It was becoming dark when the pine forests and sand wastes of the Landes gave place to the rim of Biscay surf. In accordance with custom we rapidly began to descend and were soon coursing over the billows at a height of some 200 feet. It was one of those evenings which ordinarily favour melancholy and lassitude. Above us stretched inky layers of stratus or "fall" cloud, wrought of mists driven from the upper regions by the chills that hurried after the setting sun. The wind blew in gusts and preyed vampire-like on our energies-an electric tension of the atmosphere was becoming unmistakably manifest. Clouds were rising smoke-like from the ocean rim and mingling with the flatter masses overhead, and even as I gazed the waves seemed to flash whiter and whiter through the veil of the nether darkness. I was standing on the upper deck deck debating social problems with Brandt, greatly to the enjoyment of three of the crew who watched the contest. Some few yards in front of us the platform tapered off to a point at the convergence of the bow railings, and directly in front of this the hull sloped downwards and outwards to form the projecting ram. At the extremity of this, with crest barely visible from the

spot where my listeners were reclining, rose the conning tower like a horn on the snout of a rhinoceros. Amidships and astern hummed the forest of stays and props which hung us to the aeroplane, clustering thick over the rounded boss of the citadel now half shrouded in gloom. It was a scene to inspire the painter-this weird vessel and its weirder crew borne along between an angry welkin and the riotous surges of the ocean.

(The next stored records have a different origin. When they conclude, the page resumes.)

Section Wspace.
Variables (C : numClosedFieldType) (n d : nat) (T : forall j : nat, tensor C n (2 * j)).
Arguments T : clear implicits. (* [j] would otherwise be implicit. *)
Variable tau : C.
Hypothesis tau_gt0 : 0 < tau.

Local Notation L j i := (left_sv_space (flattening (T j) i) tau).
Local Notation W := (Wspace T d tau).

Lemma left_sv_space_sub_Wspace (j : 'I_d.+1) (i : 'I_(2 * j)) : (1 <= j)%N ->
  (L j i <= W)%MS /\ (conj_space (L j i) <= W)%MS.
Proof.
by move=> j_gt0; split; apply: (sumsmx_sup j) => //; apply: (sumsmx_sup i) => //;
  rewrite ?addsmxSl ?addsmxSr.
Qed.

Lemma rank_Wspace_le : (forall j, (1 <= j <= d)%N -> frob (T j) <= 1) ->
  (\rank W)%:R * tau ^+ 2 <= (2 * (d * d.+1))%:R.
Proof.
move=> frob_le1.
pose rank_sum := (\sum_(j < d.+1 | (1 <= j)%N) \sum_(i < 2 * j) (\rank (L j i)).*2)%N.
have rank_W : (\rank W <= rank_sum)%N.
  rewrite /Wspace; apply: leq_trans (mxrank_sum_le _ _) _; apply: leq_sum => j _.
  apply: leq_trans (mxrank_sum_le _ _) _; apply: leq_sum => i _.
  by apply: leq_trans (mxrank_adds_leqif _ _) _; rewrite mxrank_map -addnn.
apply: le_trans (_ : rank_sum%:R * tau ^+ 2 <= _).
  by apply: ler_wpM2r; [exact/exprn_ge0/ltW | rewrite ler_nat].
rewrite -sum_double_ord big_distrr !natr_sum mulr_suml; apply: ler_sum => j j_gt0.
apply: le_trans (_ : (\sum_(i < 2 * j) 2%N)%:R <= _); last first.
  by rewrite sum_nat_const card_ord mulnC.
rewrite !natr_sum mulr_suml; apply: ler_sum => i _.
rewrite -muln2 natrM mulrAC -[X in _ <= X]mul1r; apply: ler_wpM2r => //.
apply: le_trans (rank_left_sv_space_le _ tau_gt0) _.
rewrite sum_sqr_flattening; apply: sqrtC_le1.
  by apply: sumr_ge0 => idx _; rewrite exprn_ge0.
by apply: (frob_le1 j); rewrite j_gt0 -ltnS ltn_ord.
Qed.
Lemma poly_eq_ge1 (R : numDomainType) (p q : {poly R}) :
  (forall x, 1 <= x -> p.[x] = q.[x]) -> p = q.
Proof.
move=> epq; apply/eqP; rewrite -subr_eq0; apply/eqP.
apply: (@roots_geq_poly_eq0 _ _ [seq k.+1%:R | k <- iota 0 (size (p - q))]).
- apply/allP => _ /mapP[k _ ->].
  by rewrite /root hornerD hornerN epq ?subrr ?ler1n.
- by rewrite map_inj_uniq ?iota_uniq // => i j /eqP; rewrite eqr_nat => /eqP [].
- by rewrite size_map size_iota.
Qed.

Lemma char_poly_affine (R : numFieldType) n (M N : 'M[R]_n) (a b : R) :
  b != 0 -> char_poly M = char_poly N ->
  char_poly (a%:M + b *: M) = char_poly (a%:M + b *: N).
Proof.
move=> b0 eMN; apply: poly_eq_ge1 => y _; rewrite !horner_char_poly.
suff affineE (P : 'M_n) :
    \det (y%:M - (a%:M + b *: P)) = b ^+ n * (char_poly P).[(y - a) / b].
  by rewrite !affineE eMN.
rewrite horner_char_poly -detZ; congr (\det _); apply/matrixP => i j; rewrite !mxE.
by case: (i == j); rewrite /= ?mulr1n ?mulr0n; field.
Qed.

Definition transition_mx (R : fieldType) n (e : rel 'I_n) : 'M[R]_n :=
  \matrix_(x, y) ((e x y)%:R / (deg e x)%:R).

Lemma std_laplacianE (R : fieldType) n (e : rel 'I_n) :
  std_laplacian R e = 1%:M - transition_mx R e.
Proof. by apply/matrixP => x y; rewrite !mxE. Qed.

Lemma signless_std_laplacianE (R : fieldType) n (e : rel 'I_n) :
  signless_std_laplacian R e = 1%:M + transition_mx R e.
Proof. by apply/matrixP => x y; rewrite !mxE. Qed.

(* c is the scalar left by the Schur complement, b the one left by the rank-one
   step; the expression is valid for y >= 1, where y, c and b are nonzero. *)
Definition Khat_det (R : fieldType) (r s : nat) (y : R) : R :=
  let c := y + r%:R^-1 in
  let b := 1 - (c * (r%:R * y))^-1 in
  y ^+ s * c ^+ r * b ^+ s * (1 - (b * c)^-1).

Section TransitionDet.
Variables (R : realFieldType) (r s : nat) (A : seq nat).
Hypotheses (partA : is_partition r s A) (r_gt0 : (0 < r)%N).

Definition blocks_indicator : 'M[R]_(r, s) := \matrix_(i, j) (inblock A j i)%:R.

Definition blocks_average : 'M[R]_(s, r) :=
  \matrix_(j, i) ((inblock A j i)%:R / (nth 0 A j)%:R).
Lemma sqdistN y a :
  \sum_(j < m) (y ord0 j - a ord0 j) * (a ord0 j - y ord0 j) = - sqdist y a.
Proof. by rewrite /sqdist -sumrN; apply: eq_bigr => j _; ring. Qed.

Lemma continuous_sqdist a : continuous (sqdist ^~ a).
Proof.
have cj j : continuous (fun y : 'rV[R]_m => y ord0 j - a ord0 j).
  by move=> z; apply: (@cvgB _ _ _ (nbhs z)); [exact: coord_continuous | exact: cvg_cst].
apply: (continuous_big (@add_continuous R)) => j _ z.
exact: (@cvgM _ _ (nbhs z) _ _ _ _ _ (cj j z) (cj j z)).
Qed.

Lemma sqdist_segment z y a (l : R) :
  sqdist (l *: z + (1 - l) *: y) a = sqdist y a
    + 2 * l * \sum_(j < m) (y ord0 j - a ord0 j) * (z ord0 j - y ord0 j)
    + l ^+ 2 * sqdist z y.
Proof.
rewrite /sqdist mulr_sumr mulr_sumr -!big_split /=; apply: eq_bigr => j _.
by rewrite !mxE; ring.
Qed.

Lemma closed_argmin_in_box (A : set 'rV[R]_m) (f : 'rV[R]_m -> R) a (r : R) :
  closed A -> {within A, continuous f} -> A a -> 0 <= r ->
  (forall z, A z -> f z < f a -> forall j, `|z ord0 j - a ord0 j| <= r) ->
  exists2 zs, A zs & forall z, A z -> f zs <= f z.
Proof.
move=> cA fc Aa r0 small_in_box.
pose I j := `[a ord0 j - r, a ord0 j + r]%classic.
pose Box := [set z : 'rV[R]_m | forall j, I j (z ord0 j)].
have inBox z : (forall j, `|z ord0 j - a ord0 j| <= r) -> Box z.
  by move=> zr j; rewrite /I /= in_itv /= -ler_distlC distrC.
have BoxA_compact : compact (Box `&` A).
  by apply: compact_closedI => //; apply: rV_compact => j; exact: segment_compact.
have BoxA_a : (Box `&` A) a by split => //; apply: inBox => j; rewrite subrr normr0.
have [zs /set_mem[_ Azs] zs_min] := compact_EVT_min (ex_intro _ a BoxA_a) BoxA_compact
  (continuous_subspaceW (@subIsetr _ Box A) fc).
exists zs => // z Az; have [fza|] := ltP (f z) (f a).
  by apply: zs_min; apply/mem_set; split => //; apply: inBox; exact: small_in_box.
by apply: le_trans; apply: zs_min; apply/mem_set.
Qed.

End squared_distance.

Section concave_affine_majorant.
Local Open Scope convex_scope.
Context {R : realType} {m : nat}.

(* [hypo_dist g mu K z] is the squared distance from (mu, K) to (z, min (g z) K),
   the point of the hypograph of g above z that is closest to (mu, K). *)
Definition hypo_gap (g : 'rV[R]_m -> R) (K : R) z := Num.max (K - g z) 0.
Definition hypo_dist (g : 'rV[R]_m -> R) mu K z := sqdist z mu + hypo_gap g K z ^+ 2.

Variables (Xi : set 'rV[R]_m) (g : 'rV[R]_m -> R).
Hypotheses (Xi_closed : closed Xi)
  (Xi_convex : convex_set (Xi : set (convex_lmodType 'rV[R]_m)))
  (g_concave : concave_on Xi g) (g_cont : {within Xi, continuous g}).

Section hypograph_projection.
Context {mu : 'rV[R]_m} {K : R}.
Hypotheses (Xi_mu : Xi mu) (gmu_lt_K : g mu < K).

Local Notation gap := (hypo_gap g K).

Lemma gap_sqr_le z t : t <= g z -> gap z ^+ 2 <= (K - t) ^+ 2.
Proof.
move=> tgz; rewrite /hypo_gap; have [gzK|Kgz] := leP (K - g z) 0.
  by rewrite expr0n sqr_ge0.
by rewrite !expr2; nra.
Qed.

Lemma hypo_dist_continuous : {within Xi, continuous (hypo_dist g mu K)}.
Proof.
apply/subspace_continuousP => z Xz; apply: cvgD.
  by apply: cvg_within_filter; exact: continuous_sqdist.
have gz := (subspace_continuousP _ _).1 g_cont z Xz.
have gapz : Num.max (K - g x) 0 @[x --> within Xi (nbhs z)] --> gap z.
  apply: continuous2_cvg; first exact: (@max_continuous _ R (K - g z, 0)).
    by apply: cvgB => //; exact: cvg_cst.
  exact: cvg_cst.
exact: (cvgM gapz gapz).
Qed.

Lemma hypo_dist_argmin :
  exists2 zs, Xi zs & forall z, Xi z -> hypo_dist g mu K zs <= hypo_dist g mu K z.
Proof.
apply: (closed_argmin_in_box _ _ mu (K - g mu)) => //; first exact: hypo_dist_continuous.
  by rewrite subr_ge0 ltW.
have -> : hypo_dist g mu K mu = (K - g mu) ^+ 2.
  rewrite /hypo_dist /hypo_gap max_l ?subr_ge0 ?ltW // /sqdist big1 ?add0r // => j _.
  by rewrite subrr expr0n.
move=> z _; rewrite /hypo_dist => lt j.
have := sqdist_ge_coord z mu j; have := sqr_ge0 (gap z) => ? ?.
have r0 : 0 <= K - g mu by rewrite subr_ge0 ltW.
apply: ltW; rewrite -(@ltr_pXn2r _ 2) ?nnegrE ?normr_ge0 //= -normrX ger0_norm ?sqr_ge0 //.
lra.
Qed.

Context {zs : 'rV[R]_m}.
Hypotheses (Xi_zs : Xi zs)
  (zs_min : forall z, Xi z -> hypo_dist g mu K zs <= hypo_dist g mu K z).

Let c := gap zs.
Let ts := K - c.

Lemma ts_le_g : ts <= g zs.
Proof. by rewrite /ts /c /hypo_gap lerBlDl -lerBlDr le_max lexx. Qed.

(* zs minimises the distance along the segment from zs to z, which stays in the
   hypograph by concavity, so the first-order term in l is nonnegative. *)
Lemma projection_ineq z : Xi z ->
  c * (g z - ts) <= \sum_(j < m) (zs ord0 j - mu ord0 j) * (z ord0 j - zs ord0 j).
Proof.
move=> Xz; rewrite -subr_ge0 -(pmulr_rge0 _ (@ltr0n R 2)).
set S := \sum_(j < m) _.
apply: (ge0_of_ge0_perturbation _ (sqdist z zs + (g z - ts) ^+ 2)).
  by rewrite addr_ge0 ?sqdist_ge0 ?sqr_ge0.
move=> l l0 l1.
pose t := Itv01 (ltW l0) l1; pose zl := (z : convex_lmodType _) <| t |> zs.
have Xzl : Xi zl := set_mem (Xi_convex z zs t (mem_set Xz) (mem_set Xi_zs)).
have gzl : l * g z + (1 - l) * ts <= g zl.
  have := g_concave t z zs (mem_set Xz) (mem_set Xi_zs); rewrite convRE /= -/zl.
  have := ler_wpM2l (_ : 0 <= 1 - l) ts_le_g; rewrite /unstable.onem; lra.
have := zs_min zl Xzl; have := gap_sqr_le _ _ gzl.
rewrite /hypo_dist (_ : zl = l *: z + (1 - l) *: zs) // sqdist_segment -/S -/c /ts.
move=> ? ?; rewrite -(pmulr_rge0 _ l0); nra.
Qed.

Lemma gap_gt0 : 0 < c.
Proof.
rewrite lt_def le_max lexx orbT andbT; apply/eqP => c0.
have := projection_ineq _ Xi_mu; rewrite c0 mul0r sqdistN oppr_ge0 => le0.
have zs_mu : zs = mu by apply: sqdist_eq0; apply/eqP; rewrite eq_le le0 sqdist_ge0.
move: c0; rewrite /c /hypo_gap zs_mu max_l ?subr_ge0 ?ltW //.
by apply/eqP; rewrite subr_eq0 gt_eqF.
Qed.

End hypograph_projection.

Lemma concave_affine_majorant mu e : Xi mu -> 0 < e ->
  exists (C : R) (w : 'I_m -> R),
    (forall z, Xi z -> g z <= C + \sum_(j < m) w j * z ord0 j) /\
    C + \sum_(j < m) w j * mu ord0 j <= g mu + e.
Proof.
move=> Xi_mu e0; have gK : g mu < g mu + e by rewrite ltrDl.
have [zs Xi_zs zs_min] := hypo_dist_argmin Xi_mu gK.
have c0 := gap_gt0 Xi_mu gK Xi_zs zs_min.
have proj := projection_ineq Xi_zs zs_min.
set c := hypo_gap g _ zs in c0 proj; set ts := g mu + e - c in proj.
pose w j := (zs ord0 j - mu ord0 j) / c.
have affineE (z : 'rV[R]_m) : \sum_(j < m) w j * z ord0 j - \sum_(j < m) w j * zs ord0 j =
    (\sum_(j < m) (zs ord0 j - mu ord0 j) * (z ord0 j - zs ord0 j)) / c.
  by rewrite mulr_suml -sumrB; apply: eq_bigr => j _; rewrite /w; field; rewrite gt_eqF.
exists (ts - \sum_(j < m) w j * zs ord0 j), w; split => [z Xz|].
  have : g z - ts <= (\sum_(j < m) (zs ord0 j - mu ord0 j) * (z ord0 j - zs ord0 j)) / c.
    by rewrite ler_pdivlMr // mulrC; apply: proj.
  by rewrite -affineE; lra.
have := affineE mu; rewrite sqdistN mulNr.
have := divr_ge0 (sqdist_ge0 zs mu) (ltW c0); rewrite /ts; lra.
Qed.

End concave_affine_majorant.

Section jensen.
Context {R : realType} {m : nat}.
Variables (Xi : set 'rV[R]_m) (mu : 'rV[R]_m) (Q : probability (borelRV R m) R).
Hypotheses (Xi_closed : closed Xi) (Q_Xi : Q (Xi : set (borelRV R m)) = 1%E)
  (Q_mean : forall j : 'I_m,
     Q.-integrable [set: borelRV R m] (fun z : borelRV R m => (z ord0 j)%:E) /\
     (\int[Q]_z (z ord0 j)%:E = (mu ord0 j)%:E)%E).

Let Xi_measurable : measurable (Xi : set (borelRV R m)) := rV_closed_measurable _ Xi_closed.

"Violent diseases often demand violent remedies," said Brandt, as he developed his favourite topic. "The surgeon may be gentle at heart, but he spares not the gangrenous limb. In modern times he has anæsthetics to soothe his patient, but did he shrink from his task when such artifices as these were unknown? Regard us anarchists as excising the foul ulcers of Humanity and as forced to perform that duty with no anæsthetics to aid us. Could we throw all London, all Paris, all Berlin, into a trance, how painless would be our surgery! But, unhappily, we have to confront struggling patients vividly sensitive to the knife. Nevertheless, for their own sakes, or rather the sake of Humanity, we must cut."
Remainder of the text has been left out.